Mechanistic target of rapamycin (mTOR) is a S/T kinase, which exists in two distinct complexes called mTOR complex 1 (mTORC1) and 2 (mTORC2), and mTORC1 is a key regulator of autophagy (Hua et al., 2019). The activity of mTORC1 reflects the nutritional status of the cell (Kim et al., 2011). Under nutrient-rich conditions, mTORC1 inhibits the autophagy-promoting kinase activity of the ULK1 complex by mediating specific site phosphorylation of ULK1 (Ser637 and Ser757) (Karabiyik et al., 2021). During periods of starvation and cellular stress, mTORC1 activity is inhibited and dissociates from ULK1, resulting in dephosphorylation of ULK1 (Zachari and Ganley 2017). At the same time, the ULK1 complex becomes active through autophosphorylation at Thr180, initiating autophagy (Zachari and Ganley 2017). Studies have shown that tan I inhibits the activity of mTORC1 under starvation conditions, subsequently increasing the activity of the ULK1 complex and promoting the occurrence of autophagy in breast and liver cancer cells (Zheng et al., 2020).

The mTOR pathway is regulated by multiple signaling pathways in autophagy, such as the PI3K/Akt, MAPK/MEK/ERK1/2, and AMPK pathways (Querfurth and Lee 2021). The PI3K/Akt and MAPK/MEK/ERK1/2 signaling pathways have a positive regulatory effect on mTOR, and blocking the above pathways causes autophagy, eventually leading to tumor cell death (Xu et al., 2020a). It has been reported that tan I and tan IIA induce autophagy by inhibiting the PI3K/Akt/mTOR pathway, further inhibiting the proliferation of tumor cells (including ovarian cancer cells, glioma cells, acute promyelocytic leukemia NB4 cells, acute mononuclear leukemia cells, oral squamous cell carcinoma (OSCC) cells, and melanoma cells) (Ding et al., 2017; Li et al., 2017; Qiu et al., 2018; Zhang et al., 2019c; Zhou et al., 2020b; Pan et al., 2021). In addition, tan IIA also drives autophagy through inhibiting the MEK/ERK/mTOR signaling pathway, thereby suppressing the proliferation of colon cancer cells (Qian et al., 2020).
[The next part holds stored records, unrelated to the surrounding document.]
(* Let $n\geqslant 1$. Every $\lambda\subset\mathbb N^{3n}$ which is a partition with embedding dimension $h_\lambda(1)=3n$ and socle type $(0,0,0,n)$ has Hilbert–Samuel function $(1,3n,3n,n)$; in particular it is an M-partition of type $(3n,3n,n)$ and length $3$. Moreover \[ \alpha^{3n}_{3n,n,3}=\frac{(3n)!}{6^n\,n!}. \]
   Context: Let $\mathbb N=\mathbb Z_{\geqslant 0}$ with the componentwise order. A partition in $\mathbb N^k$ is a finite subset $\lambda\subset\mathbb N^k$ closed downward; $\mathrm P^k_d$ is the set of those of size $d$. The degree of a point is the sum of its coordinates; $\lambda_{=i}$, $\lambda_{\geqslant i}$ are the elements of degree $i$, resp. $\geqslant i$; the Hilbert–Samuel function is $h_\lambda(i)=|\lambda_{=i}|$, written as the tuple $(h_\lambda(0),h_\lambda(1),\dots,h_\lambda(\ell))$ with $\ell=\ell(\lambda)$ the maximal degree (the length); $h_\lambda(1)$ is the embedding dimension. $\mathrm{Soc}(\lambda)$ is the set of maximal elements; the socle type $(0,0,0,n)$ means all elements of $\mathrm{Soc}(\lambda)$ have degree $3$ and there are exactly $n$ of them. For positive integers $k,q,m$, an M-partition of type $(k,q,m)$ is $\lambda\in\mathrm P^k_{1+k+q+m}$ with $\mathrm{Soc}(\lambda)\subset\lambda_{\geqslant3}$, $h_\lambda(1)=k$, $h_\lambda(2)=q$, $\sum_{i\geqslant3}h_\lambda(i)=m$; $\alpha^k_{q,m,\ell}$ is the number of M-partitions of type $(k,q,m)$ and length $\ell$. *)

From mathcomp Require Import all_boot all_order.
From mathcomp Require Import finmap.
Set Implicit Arguments. Unset Strict Implicit. Unset Printing Implicit Defensive.
Local Open Scope fset_scope.

Definition pt (k : nat) := {ffun 'I_k -> nat}.

Definition le_pt (k : nat) (x y : pt k) : bool := [forall i, x i <= y i].

Definition deg (k : nat) (x : pt k) : nat := \sum_(i < k) x i.

Definition is_partition (k : nat) (l : {fset pt k}) : Prop :=
  forall x y : pt k, y \in l -> le_pt x y -> x \in l.

Definition layer (k : nat) (l : {fset pt k}) (i : nat) : {fset pt k} :=
  [fset x in l | deg x == i].
Definition layer_ge (k : nat) (l : {fset pt k}) (i : nat) : {fset pt k} :=
  [fset x in l | i <= deg x].

Definition hilb (k : nat) (l : {fset pt k}) (i : nat) : nat := #|` layer l i|.

Definition plength (k : nat) (l : {fset pt k}) : nat :=
  \max_(x <- enum_fset l) deg x.

Definition socle (k : nat) (l : {fset pt k}) : {fset pt k} :=
  [fset x in l | all (fun y => le_pt x y ==> (y == x)) (enum_fset l)].

Definition socle_type_0003 (k : nat) (l : {fset pt k}) (n : nat) : Prop :=
  (forall x, x \in socle l -> deg x = 3) /\ #|` socle l| = n.

Definition Mpartition (k q m : nat) (l : {fset pt k}) : Prop :=
  [/\ 0 < k /\ 0 < q /\ 0 < m,
      is_partition l /\ #|` l| = (1 + k + q + m)%N,
      (forall x, x \in socle l -> 3 <= deg x),
      hilb l 1 = k /\ hilb l 2 = q &
      #|` layer_ge l 3| = m].

Definition alpha_is (k q m ell N : nat) : Prop :=
  exists S : {fset {fset pt k}},
    (forall l : {fset pt k}, l \in S <-> (Mpartition q m l /\ plength l = ell))
    /\ #|` S| = N.

From mathcomp Require Import all_boot all_order.
From mathcomp Require Import finmap.
From mathcomp Require Import zify.
Set Implicit Arguments. Unset Strict Implicit. Unset Printing Implicit Defensive.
In contrast, the AMPK pathway negatively regulates mTOR. Phosphorylated AMPK inhibits the activity of mTORC1, which indirectly increases the activity of the ULK1 complex, thereby promoting the occurrence of autophagy (Li and Chen 2019). Tan IIA activates AMPK phosphorylation to inhibit mTOR phosphorylation, thereby inducing autophagic death of leukemia cells (Yun et al., 2014). Moreover, under starvation conditions, AMPK activation directly catalyzes the phosphorylation of ULK1 to promote autophagy (Karabiyik et al., 2021). According to a previous study, tan I activates the AMPK signaling pathway to active the ULK1 complex, which subsequently induces autophagy and prevents the growth of breast and liver cancer cells (Zheng et al., 2020).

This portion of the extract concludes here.